It’s no secret. There’s no place for them to play next season. They have to go somewhere else next summer — for at least one summer. I would guess that it would be Tucson.
Now that could be one summer or forever. Most likely forever. My guess would be that if the team isn’t for sale now it soon will be. And not a day goes by that some old-time baseball fan doesn’t send me an email or call me, begging me to help keep the team here. And to complain about “Merritt Paulson moving the team out of town.”
Sorry, I’m not going to go there. For one thing, all Paulson has tried to do is get this community to build a long-overdue ballpark. And he’s offered to put $10 million of his own money to help do it — way more than most minor-league team owners would do.
The place the Beavers have been playing since the mid-1950s was never a ballpark. It’s a stadium, always best fit for football rather than baseball — from that first day in 1956, when as a little kid I watched the team try to shoehorn itself into a configuration that for fans and players, never did make much sense.
There have been a couple of tries to make it a better facility for baseball but the wrong plan was always chosen and always failed. I have no nostalgic feelings about PGE Park, Civic Stadium or Multnomah Stadium — whatever you want to call it — and I have spent more time in that facility than just about anyone in this area. I worked there for years, from the time I was 13 years old picking up bats, all the way through college as a front-office employee and then as a writer covering teams.
It’s a cold, uncomfortable venue that in and of itself has done more to turn people off to baseball than any promoter or team that has ever played there. I wish those attempting to convert it into yet another type of stadium the best of luck. I hope it works. But it was never going to work as a ballpark.
And this city’s continued failure to recognize the need for even a medium-sized home for a professional baseball team no longer bothers me, either. I mean, at a certain point you just accept the fact that this is what we are as a city — a place unlike just about any other major city in the world.
Believe it or not, other cities everywhere recognize the value of pro sports to a community and what they bring. Not just monetarily but culturally. I don’t think we ever will get that here — we think, as a city, we’re too smart for that. We ask the Paulsons of the world to build their own arenas and stadiums. And they don’t. We got lucky when Paul Allen did it and we aren’t going to get that lucky again. Nobody else is that rich or that stupid.
There are too many other places who will build arenas or stadiums for these owners. Is that the right thing for a city? Who is to say. It’s just the way it’s done, folks. You want to be in the game, you spend the money. All other cities do it and don’t look back.
The price, really, is so inconsequential compared to the money thrown away on other stuff that you don’t even notice it. Or maybe you do. Fact is, at a certain point of living here all your life, you just lose patience with the whole concept.
I’ve pretty much given up on Portland ever realizing its potential as a city. Not just as a sports town but as a major city. The lack of understanding about what it takes to keep a city healthy and vibrant business-wise is appalling. The misplaced faith in our politicians has betrayed us over and over. There’s been a leadership vacuum here for decades.

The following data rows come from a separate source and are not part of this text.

(* Let $(S,U,A,\{R(a)\}_{a\in\mathcal{A}})$ be a random tuple, where $S\in\mathcal{S}$ is an observed feature, $U\in\mathcal{U}$ is an unobserved feature, $A$ is an action taking values in a finite set $\mathcal{A}$, and $R(a)$ (integrable) is the potential reward had action $a$ been taken; the observed reward is $R=\sum_{a\in\mathcal{A}}R(a)\mathbb{I}(A=a)$. Suppose $A$ is generated by a behavior policy $\pi^b(\cdot\mid S,U)$ that may depend on both $S$ and $U$. Let $\pi^\ast$ be the standard optimal policy, $\pi^\ast(a^\ast\mid s)=1$ where $a^\ast=\operatorname{argmax}_{a\in\mathcal{A}}\mathbb{E}[R(a)\mid S=s]$ (assumed unique for every $s$), and let $\nu^\ast$ be the super-policy, $\nu^\ast(a^\ast\mid s,a')=1$ where $a^\ast=\operatorname{argmax}_{a\in\mathcal{A}}\mathbb{E}[R(a)\mid S=s,A=a']$, for all $(s,a')\in\mathcal{S}\times\mathcal{A}$. Then $$\mathcal{V}(\nu^\ast)\ \ge\ \max\{\mathcal{V}(\pi^b),\mathcal{V}(\pi^\ast)\}.$$
   Context: The super-policy class is $\Omega=\{\nu:\mathcal{S}\times\mathcal{A}\to\mathcal{P}(\mathcal{A})\}$, where $\mathcal{P}(\mathcal{A})$ is the set of probability distributions on $\mathcal{A}$ and the second argument of $\nu$ is the action $A$ recommended by the behavior policy. For $\nu\in\Omega$, its value is $\mathcal{V}(\nu)=\sum_{a\in\mathcal{A}}\mathbb{E}[R(a)\nu(a\mid S,A)]$. For a policy $\pi:\mathcal{S}\to\mathcal{P}(\mathcal{A})$, $\mathcal{V}(\pi)=\sum_{a}\mathbb{E}[R(a)\pi(a\mid S)]$. The value of the behavior policy is $\mathcal{V}(\pi^b)=\mathbb{E}[R]=\sum_a\mathbb{E}[R(a)\mathbb{I}(A=a)]$. *)

From HB Require Import structures.
From mathcomp Require Import all_boot all_order all_algebra.
From mathcomp Require Import all_classical all_reals all_analysis.
Set Implicit Arguments. Unset Strict Implicit. Unset Printing Implicit Defensive.
Import Order.TTheory GRing.Theory Num.Theory.
Local Open Scope classical_set_scope.
Local Open Scope ring_scope.

Section Defs.
Context {dO dS : measure_display} {Omega : measurableType dO}
  {T : measurableType dS} {R : realType} {Act : finType}.
Variable P : probability Omega R.

(* q is a version of E[X | S]: q(S) integrable, q measurable, and
   E[X 1{S in B}] = E[q(S) 1{S in B}] for every measurable B. *)
Definition is_cond_exp_S (S : Omega -> T) (X : Omega -> R) (q : T -> R) : Prop :=
  measurable_fun setT q /\ P.-integrable setT (EFin \o (q \o S)) /\
  forall B : set T, measurable B ->
    (\int[P]_(w in S @^-1` B) (X w)%:E = \int[P]_(w in S @^-1` B) (q (S w))%:E)%E.

Definition is_cond_exp_SA (S : Omega -> T) (A : Omega -> Act) (X : Omega -> R)
  (g : T -> Act -> R) : Prop :=
  (forall a', measurable_fun setT (g^~ a')) /\
  P.-integrable setT (EFin \o (fun w => g (S w) (A w))) /\
  forall (B : set T) (a' : Act), measurable B ->
    (\int[P]_(w in S @^-1` B `&` A @^-1` [set a']) (X w)%:E =
     \int[P]_(w in S @^-1` B `&` A @^-1` [set a']) (g (S w) a')%:E)%E.

Definition value_super (S : Omega -> T) (A : Omega -> Act) (Rpot : Act -> Omega -> R)
  (nu : T -> Act -> Act -> R) : \bar R :=
  (\sum_(a : Act) \int[P]_w (Rpot a w * nu (S w) (A w) a)%:E)%E.

Definition value_policy (S : Omega -> T) (Rpot : Act -> Omega -> R)
  (pi : T -> Act -> R) : \bar R :=
  (\sum_(a : Act) \int[P]_w (Rpot a w * pi (S w) a)%:E)%E.

Definition value_behavior (A : Omega -> Act) (Rpot : Act -> Omega -> R) : \bar R :=
  (\sum_(a : Act) \int[P]_w (Rpot a w * (A w == a)%:R)%:E)%E.
End Defs.

From HB Require Import structures.
From mathcomp Require Import all_boot all_order all_algebra.
From mathcomp Require Import all_classical all_reals all_analysis.
From mathcomp Require Import measurable_realfun.
Import Order.TTheory GRing.Theory Num.Theory.
Local Open Scope classical_set_scope.
Local Open Scope ring_scope.

(* Call a super-policy deterministic when it recommends the action u(s, a') to
   an individual with feature s and behaviour action a'.  Conditioning on
   (S, A), its value is sum_a' E[g(u(S, a'), S, a') 1(A = a')], where
   g(a, s, a') = E[R(a) | S = s, A = a'].  The behaviour policy (u(s, a') = a')
   and pi* (u(s, a') = a*(s)) are deterministic super-policies, and nu*
   maximises the integrand pointwise, so its value dominates both.  The
   conditional mean given S alone enters only through the measurability of
   s |-> a*(s). *)

Lemma sum_mulr_eq_nat (R : pzSemiRingType) (I : finType) (i : I) (F : I -> R) :
  \sum_(j : I) F j * (j == i)%:R = F i.
Proof.
rewrite (bigD1 i) //= eqxx mulr1 big1 ?addr0 // => j /negPf ->.
by rewrite mulr0.
Qed.

Section indicator_integral.
Context {d} {X : measurableType d} {R : realType} (mu : {measure set X -> \bar R}).

Lemma integral_mulr_indicator (E : set X) (h : X -> R) :
  (\int[mu]_(x in E) (h x)%:E = \int[mu]_x (h x * (x \in E)%:R)%:E)%E.
Proof.
rewrite integral_mkcond; apply: eq_integral => x _; rewrite patchE.
by case: ifP => _; rewrite ?mulr1 ?mulr0.
Qed.

Lemma integrable_mulr_indicator (E : set X) (h : X -> R) : measurable E ->
  mu.-integrable setT (EFin \o h) ->
  mu.-integrable setT (fun x => (h x * (x \in E)%:R)%:E).
Proof.
move=> mE hi.
have := (integrable_mkcond _ mE).1 (integrableS measurableT mE (@subsetT _ _) hi).
apply: eq_integrable => // x _; rewrite patchE.
by case: ifP => _; rewrite ?mulr1 ?mulr0.
Qed.

End indicator_integral.

Lemma measurable_argmax_level {d} {T : measurableType d} {R : realType}
    {I : finType} (q : I -> T -> R) (p : T -> I) :
  (forall i, measurable_fun setT (q i)) ->
  (forall s i, i != p s -> q i s < q (p s) s) ->
  forall i, measurable [set s | p s = i].
Proof.
move=> mq hp i.
have -> : [set s | p s = i] = \bigcap_(j in [set j | j != i]) [set s | q j s < q i s].
  apply/seteqP; split => s /=; first by move=> <- j; exact: hp.
  move=> lt_i; apply/eqP/contraT => ne.
  have := hp s i; rewrite eq_sym => /(_ ne) /(lt_trans (lt_i _ ne)).
  by rewrite ltxx.
apply: fin_bigcap_measurable => [|j _]; first exact: finite_finset.
have := measurable_fun_ltr (mq j) (mq i) measurableT (Y := [set true]) Logic.I.
by rewrite setTI.
Qed.

Section deterministic_super_policy.
Context {R : realType} {dO dS : measure_display} {Omega : measurableType dO}
  {T : measurableType dS} {Act : finType} (P : probability Omega R)
  (S : Omega -> T) (A : Omega -> Act).
Hypothesis mS : measurable_fun setT S.
Hypothesis mA : forall a, measurable (A @^-1` [set a]).

Definition det_super (u : T -> Act -> Act) : T -> Act -> Act -> R :=
  fun s a' a => (a == u s a')%:R.

Lemma measurable_SA_event (B : set T) a' :
  measurable B -> measurable (S @^-1` B `&` A @^-1` [set a']).
Proof.
by move=> mB; apply: measurableI; [rewrite -[_ @^-1` _]setTI; exact: mS | exact: mA].
Qed.

Lemma mem_SA_event (B : set T) a' w :
  (w \in S @^-1` B `&` A @^-1` [set a']) = (S w \in B) && (A w == a').
Proof.
apply/idP/andP => [/set_mem [SB Aa]|[/set_mem SB /eqP Aa]]; last exact: mem_set.
by split; [exact: mem_set | apply/eqP].
Qed.

Definition indic_SA (B : set T) (a' : Act) (w : Omega) : R :=
  ((S w \in B) && (A w == a'))%:R.

Lemma integrable_mulr_indic_SA (Y : Omega -> R) (B : set T) a' :
  measurable B -> P.-integrable setT (EFin \o Y) ->
  P.-integrable setT (fun w => (Y w * indic_SA B a' w)%:E).
Proof.
move=> mB iY; under eq_fun do rewrite /indic_SA -mem_SA_event.
exact: (integrable_mulr_indicator P _ _ (measurable_SA_event B a' mB) iY).
Qed.

Lemma mulr_indic_SA_action (h : Act -> R) (B : set T) a' w :
  h a' * indic_SA B a' w = h (A w) * indic_SA B a' w.
Proof.
by rewrite /indic_SA; have [->|_] := eqVneq (A w) a'; rewrite ?andbF ?mulr0.
Qed.

Lemma integral_cond_exp_SA_indic (X : Omega -> R) (g : T -> Act -> R)
    (B : set T) a' :
  is_cond_exp_SA P S A X g -> measurable B ->
  (\int[P]_w (X w * indic_SA B a' w)%:E =
   \int[P]_w (g (S w) a' * indic_SA B a' w)%:E)%E.
Proof.
move=> [_ [_ eqg]] mB; rewrite /indic_SA.
under eq_integral do rewrite -mem_SA_event.
under [RHS]eq_integral do rewrite -mem_SA_event.
by rewrite -!integral_mulr_indicator eqg.
Qed.

Section level_sets.
Variable u : T -> Act -> Act.

Lemma indic_SA_levelE a a' w :
  indic_SA [set s | u s a' = a] a' w = (u (S w) a' == a)%:R * (A w == a')%:R.
Proof.
rewrite /indic_SA -natrM mulnb; congr (_ && _)%:R.
by apply/idP/eqP => [/set_mem|/mem_set].
Qed.

Lemma sum_indic_SA_level a w :
  \sum_(a' : Act) indic_SA [set s | u s a' = a] a' w = (a == u (S w) (A w))%:R.
Proof.
under eq_bigr => a' _ do rewrite indic_SA_levelE [A w == _]eq_sym.
by rewrite sum_mulr_eq_nat eq_sym.
Qed.

Lemma sum_mulr_indic_SA_level (F : Act -> R) a' w :
  \sum_(a : Act) F a * indic_SA [set s | u s a' = a] a' w =
  F (u (S w) a') * (A w == a')%:R.
Proof.
under eq_bigr => a _ do rewrite indic_SA_levelE mulrA mulrAC [_ == a]eq_sym.
exact: sum_mulr_eq_nat.
Qed.

Variables (X : Act -> Omega -> R) (g : Act -> T -> Act -> R).
Hypothesis iX : forall a, P.-integrable setT (EFin \o X a).
Hypothesis hg : forall a, is_cond_exp_SA P S A (X a) (g a).
Hypothesis mu : forall a' a, measurable [set s | u s a' = a].

Let integrable_X_indic a a' :
  P.-integrable setT (fun w => (X a w * indic_SA [set s | u s a' = a] a' w)%:E).
Proof. exact: integrable_mulr_indic_SA (mu a' a) (iX a). Qed.

Let integrable_g_indic a a' :
  P.-integrable setT
    (fun w => (g a (S w) a' * indic_SA [set s | u s a' = a] a' w)%:E).
Proof.
have := integrable_mulr_indic_SA _ _ a' (mu a' a) (hg a).2.1.
by apply: eq_integrable => // w _; rewrite /= -(mulr_indic_SA_action (g a (S w))).
Qed.

Lemma integrable_det_super_term a' :
  P.-integrable setT (fun w => (g (u (S w) a') (S w) a' * (A w == a')%:R)%:E).
Proof.
have := integrable_sum measurableT (index_enum Act) (P := xpredT)
  (fun a _ => integrable_g_indic a a').
by apply: eq_integrable => // w _; rewrite /= sumEFin sum_mulr_indic_SA_level.
Qed.

Lemma value_det_super :
  value_super P S A X (det_super u) =
    (\sum_(a' : Act) \int[P]_w (g (u (S w) a') (S w) a' * (A w == a')%:R)%:E)%E.
Proof.
transitivity (\sum_(a : Act) \sum_(a' : Act)
    \int[P]_w (X a w * indic_SA [set s | u s a' = a] a' w)%:E)%E.
  apply: eq_bigr => a _.
  rewrite -(integral_sum measurableT (integrable_X_indic a)).
  by apply: eq_integral => w _; rewrite sumEFin -mulr_sumr sum_indic_SA_level.
transitivity (\sum_(a : Act) \sum_(a' : Act)
    \int[P]_w (g a (S w) a' * indic_SA [set s | u s a' = a] a' w)%:E)%E.
  apply: eq_bigr => a _; apply: eq_bigr => a' _.
  exact: integral_cond_exp_SA_indic.
rewrite exchange_big; apply: eq_bigr => a' _.
rewrite -(integral_sum measurableT (integrable_g_indic^~ a')).
by apply: eq_integral => w _; rewrite sumEFin sum_mulr_indic_SA_level.
Qed.

End level_sets.

Lemma le_value_det_super (X : Act -> Omega -> R) (g : Act -> T -> Act -> R)
    (u u' : T -> Act -> Act) :
  (forall a, P.-integrable setT (EFin \o X a)) ->
  (forall a, is_cond_exp_SA P S A (X a) (g a)) ->
  (forall a' a, measurable [set s | u s a' = a]) ->
  (forall a' a, measurable [set s | u' s a' = a]) ->
  (forall s a', g (u s a') s a' <= g (u' s a') s a') ->
  (value_super P S A X (det_super u) <= value_super P S A X (det_super u'))%E.
Proof.
move=> iX hg mu mu' le_uu'.
rewrite (value_det_super _ _ _ iX hg mu) (value_det_super _ _ _ iX hg mu').
apply: lee_sum => a' _; apply: (le_integral measurableT).
- exact: (integrable_det_super_term _ _ _ hg mu).
- exact: (integrable_det_super_term _ _ _ hg mu').
- by move=> w _; rewrite lee_fin ler_wpM2r.
Qed.

Lemma value_behavior_det_super (X : Act -> Omega -> R) :
  value_behavior P A X = value_super P S A X (det_super (fun _ a' => a')).
Proof.
by apply: eq_bigr => a _; apply: eq_integral => w _; rewrite /det_super eq_sym.
Qed.

Lemma value_policy_det_super (X : Act -> Omega -> R) (p : T -> Act) :
  value_policy P S X (fun s a => (a == p s)%:R) =
  value_super P S A X (det_super (fun s _ => p s)).
Proof. by []. Qed.

End deterministic_super_policy.

Lemma measurable_set_prop {d} {T : measurableType d} (Q : Prop) :
  measurable [set _ : T | Q].
Proof.
have [q|nq] := pselect Q.
  by rewrite (_ : [set _ | Q] = setT) //; apply/seteqP; split.
by rewrite (_ : [set _ | Q] = set0) //; apply/seteqP; split.
Qed.

Theorem lemma1 (R : realType) (dO dS dU : measure_display)
  (Omega : measurableType dO) (T : measurableType dS) (TU : measurableType dU)
  (Act : finType) (P : probability Omega R)
  (S : Omega -> T) (U : Omega -> TU) (A : Omega -> Act) (Rpot : Act -> Omega -> R)
  (q : Act -> T -> R) (g : Act -> T -> Act -> R)
  (astar_pi : T -> Act) (astar_nu : T -> Act -> Act) :
  measurable_fun setT S -> measurable_fun setT U ->
  (forall a, measurable (A @^-1` [set a])) ->
  (forall a, P.-integrable setT (EFin \o Rpot a)) ->
  (* q a is a version of E[R(a) | S = .] *)
  (forall a, is_cond_exp_S P S (Rpot a) (q a)) ->
  (* g a is a version of E[R(a) | S = ., A = .] *)
  (forall a, is_cond_exp_SA P S A (Rpot a) (g a)) ->
  (* astar_pi s is the unique argmax of a |-> E[R(a) | S = s] *)
  (forall s a, a != astar_pi s -> q a s < q (astar_pi s) s) ->
  (* astar_nu s a' is an argmax of a |-> E[R(a) | S = s, A = a'] *)
  (forall s a' a, g a s a' <= g (astar_nu s a') s a') ->
  (forall a' a, measurable [set s | astar_nu s a' = a]) ->
  let nu_star := fun s a' a => ((a == astar_nu s a')%:R : R) in
  let pi_star := fun s a => ((a == astar_pi s)%:R : R) in
  (maxe (value_behavior P A Rpot) (value_policy P S Rpot pi_star)
     <= value_super P S A Rpot nu_star)%E.
Proof.
(* No assumption on the unobserved U is needed: the bound holds for any joint
   law of (S, U, A, R(.)). *)
move=> mS _ mA iR hq hg hpi hnu mnu /=.
have mpi := measurable_argmax_level _ _ (fun a => (hq a).1) hpi.
rewrite ge_max (value_behavior_det_super _ S) (value_policy_det_super _ _ A).
by apply/andP; split; apply: le_value_det_super => // *; exact: measurable_set_prop.
Qed.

And what’s always bothered me is not that we’re lost, it’s that most people here don’t even realize how lacking in direction we are. We have no leaders and no plan.
Bike paths are not a destination, folks. They’re a distraction on the way to one. Trolleys are an expensive and very slow ride to nowhere. But in this city, it’s always seemed that the journey matters more than the destination. That’s the way it works when you have no idea where you’re going.
Welcome to Portland, the city that doesn’t work. And hasn’t for years.